Tampoco hay que descartar que la sonrisa la suscite la prosa barata de algún humorista televisivo que se ha avenido a publicar un volumen chistoso para tener algo que firmar en una feria del Libro. Da igual: en cualquier caso la sonrisa es hermosa por sí misma. Y prefiero imaginar que tiene un origen prestigioso. Porque esa muchacha se ha convertido, ya digo, en el lugar de un milagro. Un milagro al que todos los demás viajeros -quejosos de las inclemencias del viaje, del aburrimiento, del no saber qué hacer antes de que les pongan una película que los amuerme- renuncian.

Esta es para mí la razón esencial por la que defender la lectura. Descreo de las buenas intenciones que aseguran que leer nos hace mejores. Siempre se pueden encontrar ejemplos definitivos para convertir en hilos de humo cualquier generalización bienintencionada. Goebbels leía un libro al día, y no parece que eso le sirviera sino para encontrar dolorosos argumentos con que justificarse.

Leer, en esencia, nos convierte en el lugar donde ocurren las cosas. Todas las historias duermen en nuestro interior como las figuras de Miguel Angel dormían en bloques de mármol que él se dedicaba a tallar para sacarlas. Leer sirve para que acontezcan gracias a un milagroso comercio íntimo entre dos elementos únicos: el libro y su lector. La relación entre uno y otro sólo es traducible por aproximación y nunca de que pueda parecerse al comercio íntimo que se habrá establecido entre ese mismo libro y otro lector cualquiera. ¿No es eso lo suficientemente fantástico? Por eso los grandes libros son los que no sólo permiten que los leamos, sino también nos leen ellos a nosotros. Ser leído por un libro es una de las experiencias más fascinantes que nos es dado alcanzar. ¿Por qué hay tanta gente que renuncia a ella? No lo sé, no consigo saberlo.
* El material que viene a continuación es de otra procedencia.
Lemma pullback_ge0 p : 0 <= pullback pi V p.
Proof. exact: (V0 (pi p.1, pi p.2)). Qed.

Lemma measurable_degree : measurable_fun setT (fun y => \int[Q]_y' (V y y')%:E).
Proof. exact: (measurable_fun_fubini_tonelli_F _ mV V0). Qed.

Lemma integral_degree : \int[Q]_y \int[Q]_y' (V y y')%:E = 1.
Proof. by rewrite -nV (fubini_tonelli1 _ mV V0). Qed.

Lemma fubini_F_pullback :
  fubini_F nu (pullback pi V) = fun x => \int[Q]_y (V (pi x) y)%:E.
Proof.
apply/funext => x; rewrite /fubini_F /pullback /=.
apply: (ge0_integral_measure_preserving pi_preserving (h := fun y => (V (pi x) y)%:E)).
- exact: (measurable_fun_pair2 (pi x) mV).
- by move=> y; exact: (V0 (pi x, y)).
Qed.

Lemma integral_pullback : \int[nu \x nu]_p pullback pi V p = 1.
Proof.
rewrite (fubini_tonelli1 _ measurable_pullback pullback_ge0) fubini_F_pullback.
by rewrite (ge0_integral_measure_preserving pi_preserving measurable_degree) ?integral_degree.
Qed.

Lemma integral_pullback_le1 (D : set (X * X)) : measurable D ->
  \int[nu \x nu]_(p in D) pullback pi V p <= 1.
Proof.
move=> mD; rewrite -integral_pullback.
apply: ge0_subset_integral => //; first exact: measurable_pullback.
by move=> p _; exact: pullback_ge0.
Qed.

Lemma integrable_pullback : (nu \x nu).-integrable setT (pullback pi V).
Proof.
apply/integrableP; split; first exact: measurable_pullback.
under eq_integral do rewrite gee0_abs ?pullback_ge0//.
by rewrite integral_pullback ltry.
Qed.

Lemma pullback_degree_dist (lam : R) :
  (degree_dist Q V lam)%:E = nu [set x | fubini_F nu (pullback pi V) x <= lam%:E].
Proof.
have idegree : Q.-integrable setT (fun y => \int[Q]_y' (V y y')%:E).
  apply/integrableP; split; first exact: measurable_degree.
  under eq_integral do rewrite gee0_abs//.
  by rewrite integral_degree ltry.
rewrite fubini_F_pullback.
rewrite (measure_preserving_sublevel pi_preserving _ measurable_degree).
rewrite -(integrable_fine_sublevel measurable_degree idegree _ degree_ge0).
rewrite /degree_dist /degree fineK// ge0_fin_numE//.
rewrite (le_lt_trans (probability_le1 _ _)) ?ltry//.
exact: measurable_fine_le measurable_degree.
Qed.

End graphon_pullback.

Lemma degree_dist_le_shift (R : realType) d (X : measurableType d) (nu : probability X R)
  d1 (Y1 : measurableType d1) (Q1 : probability Y1 R) (pi1 : X -> Y1) (V1 : Y1 -> Y1 -> R)
  d2 (Y2 : measurableType d2) (Q2 : probability Y2 R) (pi2 : X -> Y2) (V2 : Y2 -> Y2 -> R)
  (c lam eps : R) :
  measure_preserving nu Q1 pi1 -> graphon Q1 V1 -> normalized Q1 V1 ->
  measure_preserving nu Q2 pi2 -> graphon Q2 V2 -> normalized Q2 V2 ->
  (forall S, measurable S ->
     \int[nu \x nu]_(p in S `*` setT) pullback pi2 V2 p
       <= \int[nu \x nu]_(p in S `*` setT) pullback pi1 V1 p + c%:E) ->
  (0 < eps)%R ->
  (degree_dist Q1 V1 lam <= degree_dist Q2 V2 (lam + eps) + c / eps)%R.
Proof.
move=> mp1 gV1 nV1 mp2 gV2 nV2 le21 eps0.
have mV1 := measurable_pullback mp1 gV1; have mV2 := measurable_pullback mp2 gV2.
have V1_0 := pullback_ge0 pi1 gV1; have V2_0 := pullback_ge0 pi2 gV2.
rewrite -lee_fin EFinD (pullback_degree_dist mp1 gV1 nV1).
rewrite (pullback_degree_dist mp2 gV2 nV2).
apply: measure_sublevel_le_shift => //.
- exact: measurable_fun_fubini_tonelli_F.
- exact: measurable_fun_fubini_tonelli_F.
- by move=> x; apply: integral_ge0.
- by move=> x; apply: integral_ge0.
- by rewrite -fubini_tonelli1// (integral_pullback mp2 gV2 nV2) ltry.
- by move=> S mS; rewrite -!ge0_integral_setXT//; exact: le21.
Qed.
Ahora llega el verano y empieza a ver uno aquí y allá recomendaciones para ocupar las horas muertas con lecturas, que se unen a las campañas de promoción bienintencionadas pero un poco falsarias -como aquella protagonizada por un simio cuyo eslogan aseguraba que leer era lo que nos diferenciaba de los simios, como si no nos diferenciara de ellos también la silla eléctrica, los mundiales de natación y hacer anuncios protagonizados por simios. Yo creo que la mejor campaña la conseguiría quien fuera capaz de enseñar a un lector, como esa viajera que ha vuelto a sonreír, quizá porque Humbert Humber ha hecho una de las suyas, como un lugar milagroso en cuyo interior trescientos soldados se disponen a morir en las Termópilas, Emma Bovary sueña con una vida menos aplastada por las convenciones, un loco llamado Zaratustra que se ha acogido a las sombras de una montaña dice que no debemos creer en ningún Dios que no sepa bailar, un hombre lee libros de caballerías y entiende que debe abandonarlos para acudir a los caminos a desfacer entuertos y tantas otras historias que están ahí, en nuestro interior, esperando ser talladas mediante la lectura.

Somos el lugar de un milagro antiguo. Que haya tanta gente dispuesta a renunciar a ese milagro en este tren lleno de gente que se aburre, deprime sí, pero no lo suficiente como para apagar la certeza de que ese milagro se está produciendo en este mismo instante en el interior de esa muchacha que, otra vez (¿qué estará haciendo Humbert Humbert ahora en su interior?) vuelve a sonreír.